Start of Block

Lemma pdy_is_deriv0 f x y d :
  pdy f x y d <->
  is_deriv0 (fun h => in01 (y + h)) (fun h => f x (y + h)) (f x y) d.
Proof.
  split; intros H eps He; destruct (H eps He) as [del [Hd A]];
    exists del; split; auto.
  - intros h [D [B C]]. auto.
  - intros h B C D. apply (A h). split; [exact D | split; assumption].
Qed.

Definition strip_nbhd (x y : R) : R -> R * R -> Prop :=
  fun del p => in01 (snd p) /\ Rabs (fst p - x) < del /\ Rabs (snd p - y) < del.

Lemma shrinking_strip_nbhd x y : shrinking (strip_nbhd x y).
Proof. intros d1 d2 p Hd [A [B C]]; split; [exact A | split; lra]. Qed.

Lemma cont_strip_tends_to f :
  cont_strip f <->
  forall x y, in01 y -> tends_to (strip_nbhd x y) (fun p => f (fst p) (snd p)) (f x y).
Proof.
  split; intros H x y Hy eps He; destruct (H x y Hy eps He) as [del [Hd A]];
    exists del; split; auto.
  - intros [x' y'] [B [C D]]. auto.
  - intros x' y' B C D. apply (A (x', y')). split; [exact B | split; assumption].
Qed.

Lemma cont_strip_const c : cont_strip (fun _ _ => c).
Proof. apply cont_strip_tends_to. intros. apply tends_to_const. Qed.

Lemma cont_strip_fst : cont_strip (fun x _ => x).
Proof.
  apply cont_strip_tends_to. intros x y _ eps He. exists eps; split; auto.
  intros p [_ [A _]]; auto.
Qed.

Lemma cont_strip_snd : cont_strip (fun _ y => y).
Proof.
  apply cont_strip_tends_to. intros x y _ eps He. exists eps; split; auto.
  intros p [_ [_ A]]; auto.
Qed.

End of Block

Exercise aim - Locate the word "intros" in the records above, and return each line that has it.

Written solution -
  split; intros H eps He; destruct (H eps He) as [del [Hd A]];
  - intros h [D [B C]]. auto.
  - intros h B C D. apply (A h). split; [exact D | split; assumption].
Proof. intros d1 d2 p Hd [A [B C]]; split; [exact A | split; lra]. Qed.
  split; intros H x y Hy eps He; destruct (H x y Hy eps He) as [del [Hd A]];
  - intros [x' y'] [B [C D]]. auto.
  - intros x' y' B C D. apply (A (x', y')). split; [exact B | split; assumption].
Proof. apply cont_strip_tends_to. intros. apply tends_to_const. Qed.
  apply cont_strip_tends_to. intros x y _ eps He. exists eps; split; auto.
  intros p [_ [A _]]; auto.
  apply cont_strip_tends_to. intros x y _ eps He. exists eps; split; auto.
  intros p [_ [_ A]]; auto.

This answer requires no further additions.